Marc Thommen, President of EHC Olten, was one of the initiators and supporters of the new path, along with Gian Kkampf. It was dreamed of building a product that competed with the National League. Those plans failed miserably. Thommen says there was no alternative. In retrospect, going it alone was a mistake. “The framework conditions have changed. At that time we assumed two divisions of 12. Since then we have lost two of our most popular clubs with Ajoie and Kloten.”

The league qualification will be played again next spring after a two-year Corona break. But de facto the National League is more or less closed after expanding from 12 to 14 teams. The bottleneck between the two leagues is getting narrower. The National League will play with six foreigners from this season, in the Swiss League there are two.

He is to prepare a legal opinion for the modalities of league qualification: the renowned lawyer and GC Vice President András Gurovits.

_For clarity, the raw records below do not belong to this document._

(* Let $\mathcal{J}=(a,b)$ be a finite interval, $m\geq3$, $\varepsilon\in[0,\varepsilon_0]$, $Q(\cdot;\varepsilon)\in L_1(\mathcal{J};\mathbb{C})$, $\alpha(\varepsilon),\beta(\varepsilon)\in\mathbb{C}^{m\times m}$, and let $A(\cdot;\varepsilon)$ be the matrix function $$A(\cdot;\varepsilon)=\begin{pmatrix} 0&1&0&\cdots&0&0\\ \vdots&\vdots&\ddots&&\vdots&\vdots\\ 0&0&0&\cdots&1&0\\ -i^{-m}Q(\cdot;\varepsilon)&0&0&\cdots&0&1\\ 0&i^{-m}Q(\cdot;\varepsilon)&0&\cdots&0&0 \end{pmatrix}$$ (ones on the superdiagonal, the displayed entries in the last two rows, all other entries zero). Suppose that, for all sufficiently small $\varepsilon$, the boundary value problem $w'=A(\cdot;\varepsilon)w+\varphi$, $\alpha(\varepsilon)w(a)+\beta(\varepsilon)w(b)=0$ has a Green matrix $G(t,s;\varepsilon)=(g_{ij}(t,s;\varepsilon))_{i,j=1}^m\in L_\infty(\mathcal{J}\times\mathcal{J})^{m\times m}$. Then (for such $\varepsilon$) the semi-homogeneous boundary value problem $$i^mD^{[m]}_\varepsilon y=f,\qquad \alpha(\varepsilon)\mathcal{Y}_\varepsilon(a)+\beta(\varepsilon)\mathcal{Y}_\varepsilon(b)=0\qquad(f\in L_2(\mathcal{J};\mathbb{C}))$$ has a Green function $\Gamma(t,s;\varepsilon)$, and $\Gamma(t,s;\varepsilon)=i^{-m}g_{1m}(t,s;\varepsilon)$ for almost all $(t,s)$.
   Context: Quasi-derivatives: $D^{[k]}_\varepsilon y=y^{(k)}$ for $k=0,\dots,m-2$; $D^{[m-1]}_\varepsilon y=y^{(m-1)}+i^{-m}Q(\cdot;\varepsilon)y$; $D^{[m]}_\varepsilon y=(D^{[m-1]}_\varepsilon y)'-i^{-m}Q(\cdot;\varepsilon)D^{[1]}_\varepsilon y$; $\mathcal{Y}_\varepsilon(x)=(D^{[0]}_\varepsilon y(x),\dots,D^{[m-1]}_\varepsilon y(x))$. A Green matrix of the first-order problem is a matrix function $G$ such that for every $\varphi\in L_1(\mathcal{J})^m$ the problem has the unique solution $w(t)=\int_a^bG(t,s;\varepsilon)\varphi(s)\,ds$. A Green function of the scalar problem is a function $\Gamma$ such that for every $f\in L_2(\mathcal{J};\mathbb{C})$ the problem has the unique solution $y(t)=\int_a^b\Gamma(t,s;\varepsilon)f(s)\,ds$. *)

From HB Require Import structures.
From mathcomp Require Import all_boot all_order all_algebra.
From mathcomp Require Import all_classical all_reals all_analysis.
From mathcomp Require Import complex.
Set Implicit Arguments. Unset Strict Implicit. Unset Printing Implicit Defensive.
Import Order.TTheory GRing.Theory Num.Theory.
Local Open Scope classical_set_scope.
Local Open Scope ring_scope.

Section Defs.
Variable R : realType.
Local Notation C := (R[i]).
Local Notation mu := (@lebesgue_measure R).

Definition iC : C := Complex 0 1.
Definition RtoC (x : R) : C := Complex x 0.

Definition cmeasurable (D : set R) (f : R -> C) :=
  measurable_fun D (fun x => complex.Re (f x)) /\
  measurable_fun D (fun x => complex.Im (f x)).

Definition cintegrable (D : set R) (f : R -> C) :=
  mu.-integrable D (fun x => (complex.Re (f x))%:E) /\
  mu.-integrable D (fun x => (complex.Im (f x))%:E).

Definition cL2 (D : set R) (f : R -> C) :=
  cmeasurable D f /\
  mu.-integrable D (fun x => (complex.Re (f x) ^+ 2 + complex.Im (f x) ^+ 2)%:E).

Definition cint (D : set R) (f : R -> C) : C :=
  RtoC (Rintegral mu D (fun x => complex.Re (f x))) +
  iC * RtoC (Rintegral mu D (fun x => complex.Im (f x))).

Definition vintegrable (m : nat) (D : set R) (phi : R -> 'cV[C]_m) :=
  forall i : 'I_m, cintegrable D (fun x => phi x i ord0).

Definition vint (m : nat) (D : set R) (phi : R -> 'cV[C]_m) : 'cV[C]_m :=
  \col_i cint D (fun x => phi x i ord0).

(* the coefficient matrix A(t; eps) of the first order system, given the
   value q = Q(t; eps): ones on the superdiagonal, -i^{-m} q at position
   (m-1, 1) and i^{-m} q at position (m, 2) (1-based), zero elsewhere. *)
Definition Amat (m : nat) (q : C) : 'M[C]_m :=
  \matrix_(i < m, j < m)
    if (j : nat) == (i : nat).+1 then 1
    else if ((i : nat) == m.-2) && ((j : nat) == 0%N) then - (iC ^- m * q)
    else if ((i : nat) == m.-1) && ((j : nat) == 1%N) then iC ^- m * q
    else 0.

(* w is a (Caratheodory) solution on [a,b] of
     w' = A w + phi,  alpha w(a) + beta w(b) = 0,
   i.e. w is absolutely continuous on [a,b] with w' = A w + phi a.e. *)
Definition sys_solution (a b : R) (m : nat) (A : R -> 'M[C]_m)
    (phi : R -> 'cV[C]_m) (alpha beta : 'M[C]_m) (w : R -> 'cV[C]_m) :=
  vintegrable `[a, b] (fun s => A s *m w s + phi s) /\
  (forall t, a <= t <= b ->
     w t = w a + vint `[a, t] (fun s => A s *m w s + phi s)) /\
  alpha *m w a + beta *m w b = 0.

Definition green_matrix (a b : R) (m : nat) (A : R -> 'M[C]_m)
    (alpha beta : 'M[C]_m) (G : R -> R -> 'M[C]_m) :=
  forall phi : R -> 'cV[C]_m, vintegrable `]a, b[ phi ->
    exists w, sys_solution a b A phi alpha beta w /\
      (forall t, a < t < b ->
         vintegrable `]a, b[ (fun s => G t s *m phi s) /\
         w t = vint `]a, b[ (fun s => G t s *m phi s)) /\
      (forall w', sys_solution a b A phi alpha beta w' ->
         forall t, a <= t <= b -> w' t = w t).

(* yq k (k = 0, ..., m-1) are the quasi-derivatives D^{[k]} y on [a,b]
   and Dm is D^{[m]} y (defined a.e.); each of D^{[0]},...,D^{[m-1]} is
   absolutely continuous, written in integrated form:
     (D^{[k]} y)' = D^{[k+1]} y                         (k <= m-3)
     (D^{[m-2]} y)' = y^{(m-1)} = D^{[m-1]} y - i^{-m} Q y
     (D^{[m-1]} y)' = D^{[m]} y + i^{-m} Q D^{[1]} y.                *)
Definition quasi_derivs (a b : R) (m : nat) (q : R -> C) (y : R -> C)
    (yq : nat -> R -> C) (Dm : R -> C) :=
  (forall t, a <= t <= b -> yq 0%N t = y t) /\
  (forall k, (k < m - 2)%N ->
     cintegrable `[a, b] (yq k.+1) /\
     forall t, a <= t <= b -> yq k t = yq k a + cint `[a, t] (yq k.+1)) /\
  (cintegrable `[a, b] (fun s => yq m.-1 s - iC ^- m * q s * yq 0%N s) /\
   forall t, a <= t <= b ->
     yq m.-2 t = yq m.-2 a + cint `[a, t] (fun s => yq m.-1 s - iC ^- m * q s * yq 0%N s)) /\
  (cintegrable `[a, b] (fun s => Dm s + iC ^- m * q s * yq 1%N s) /\
   forall t, a <= t <= b ->
     yq m.-1 t = yq m.-1 a + cint `[a, t] (fun s => Dm s + iC ^- m * q s * yq 1%N s)).

Definition Yvec (m : nat) (yq : nat -> R -> C) (x : R) : 'cV[C]_m :=
  \col_(i < m) yq (i : nat) x.

Definition scalar_solution (a b : R) (m : nat) (q : R -> C)
    (alpha beta : 'M[C]_m) (f : R -> C) (y : R -> C) :=
  exists (yq : nat -> R -> C) (Dm : R -> C),
    quasi_derivs a b m q y yq Dm /\
    {ae mu, forall t, `]a, b[%classic t -> iC ^+ m * Dm t = f t} /\
    alpha *m Yvec m yq a + beta *m Yvec m yq b = 0.

Definition green_function (a b : R) (m : nat) (q : R -> C)
    (alpha beta : 'M[C]_m) (Gam : R -> R -> C) :=
  forall f : R -> C, cL2 `]a, b[ f ->
    exists y, scalar_solution a b q alpha beta f y /\
      (forall t, a < t < b ->
         cintegrable `]a, b[ (fun s => Gam t s * f s) /\
         y t = cint `]a, b[ (fun s => Gam t s * f s)) /\
      (forall y', scalar_solution a b q alpha beta f y' ->
         forall t, a <= t <= b -> y' t = y t).

Definition cLinf2 (a b : R) (g : R -> R -> C) :=
  measurable_fun (`]a, b[%classic `*` `]a, b[%classic) (fun p : R * R => complex.Re (g p.1 p.2)) /\
  measurable_fun (`]a, b[%classic `*` `]a, b[%classic) (fun p : R * R => complex.Im (g p.1 p.2)) /\
  exists M : R, {ae (mu \x mu)%E, forall p : R * R,
     (`]a, b[%classic `*` `]a, b[%classic) p -> `|g p.1 p.2| <= RtoC M}.

End Defs.

Lemma first_lt (m : nat) : (3 <= m)%N -> (0 < m)%N.
Proof. by case: m. Qed.
Lemma last_lt (m : nat) : (3 <= m)%N -> (m.-1 < m)%N.
Proof. by case: m. Qed.
(* 1-based indices 1 and m *)
Definition ind_1 (m : nat) (hm : (3 <= m)%N) : 'I_m := Ordinal (first_lt hm).
Definition ind_m (m : nat) (hm : (3 <= m)%N) : 'I_m := Ordinal (last_lt hm).

From HB Require Import structures.
From mathcomp Require Import all_boot all_order all_algebra.
From mathcomp Require Import all_classical all_reals all_analysis.
From mathcomp Require Import complex.
From mathcomp Require Import lra zify.
Set Implicit Arguments. Unset Strict Implicit. Unset Printing Implicit Defensive.
Import Order.TTheory GRing.Theory Num.Theory.
Local Open Scope classical_set_scope.
Local Open Scope ring_scope.

(* In the coordinates w = Y(y) = (D^{[0]} y, ..., D^{[m-1]} y) the scalar
   problem is the first-order system: the rows of A(.) Y(y) say that the
   derivative of each quasi-derivative is the next one, with the Q-terms of
   the definition, and the last row leaves exactly D^{[m]} y.  Hence y solves
   i^m D^{[m]} y = f with the boundary condition iff Y(y) solves the system
   with phi = i^{-m} f e_m (admissible since L_2(J) is contained in L_1(J)),
   so y = (Y(y))_1 is the first entry of the integral of G phi, that is,
   the integral of i^{-m} g_{1m}(t, s) f(s).  Uniqueness passes from the
   system to the scalar problem in the same way, after correcting D^{[m]} y
   on a null set. *)

Section ComplexLebesgue.
Variable R : realType.
Local Notation C := (R[i]).
Local Notation mu := (@lebesgue_measure R).
Local Notation aeF := (ae_filter_ringOfSetsType mu).
Local Notation measurableR := (@measurable _ (measurableTypeR R)).

Lemma Re_mul (x y : C) :
  complex.Re (x * y) = complex.Re x * complex.Re y - complex.Im x * complex.Im y.
Proof. by case: x => ? ?; case: y => ? ?. Qed.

He is to prepare a legal opinion for the modalities of league qualification: the renowned lawyer and GC Vice President András Gurovits.

Ennio Leanza / Keystone

The two leagues are currently struggling over the modalities of league qualification. The framework conditions are to be determined at a meeting on Wednesday. If there is no consensus, then the next escalation threatens. The association’s president, Michael Rindlisbacher, has already commissioned a legal opinion from the renowned lawyer András Gurovits. If no solution can be found, certain Swiss League clubs threaten to go before the International Sports Court or the Competition Commission.

Swiss Ice Hockey, as the umbrella organization of Swiss ice hockey, makes a miserable figure in the matter. Instead of mediating, the association builds up new threatening gestures that further poison the already polluted climate between him and the league. Even in several Swiss League clubs, one would like a change at the top of the association and a new president who mediates and does not divide further.

The EHC Visp is practically the only club in the Swiss League that could exist in the National League in terms of infrastructure, but also in terms of its catchment area. But disillusionment is also spreading among its CEO Sébastien Pico. He says: “Certain club representatives no longer go to the meetings because they feel that their needs are not being taken seriously. The National League is only looking out for itself.”

The value of the Swiss League as a training league is undisputed. In principle, there is also agreement that twelve teams per league would be appropriate for the Swiss market and player potential. But a return of the National League to twelve teams is politically unthinkable. The top clubs defend their interests from a position of strength.

A task force is to secure the future of the Swiss League

Swiss ice hockey is therefore facing a crucial test next to the ice. The collapse of the Swiss League is more than a catastrophic scenario from professional doomsayers. The National League has offered the Swiss League to send each club 50,000 francs via the cooperation agreement – but only if the clubs bow to their dictates. Slightly mockingly, one speaks within the league of alms that would go to the starving stepchild.

The attempt to position the Swiss League as an independent product on the market has therefore failed. There is no market or need for a league like them outside of the regions involved. A task force consisting of association CEO Patrick Bloch, National League director Denis Vaucher and new Swiss League managing director Patrick Signer is trying to limit the financial damage and ensure that ice hockey continues not only played in the big arenas in Zug, Zurich, Bern or Ticino. The task will be anything but easy.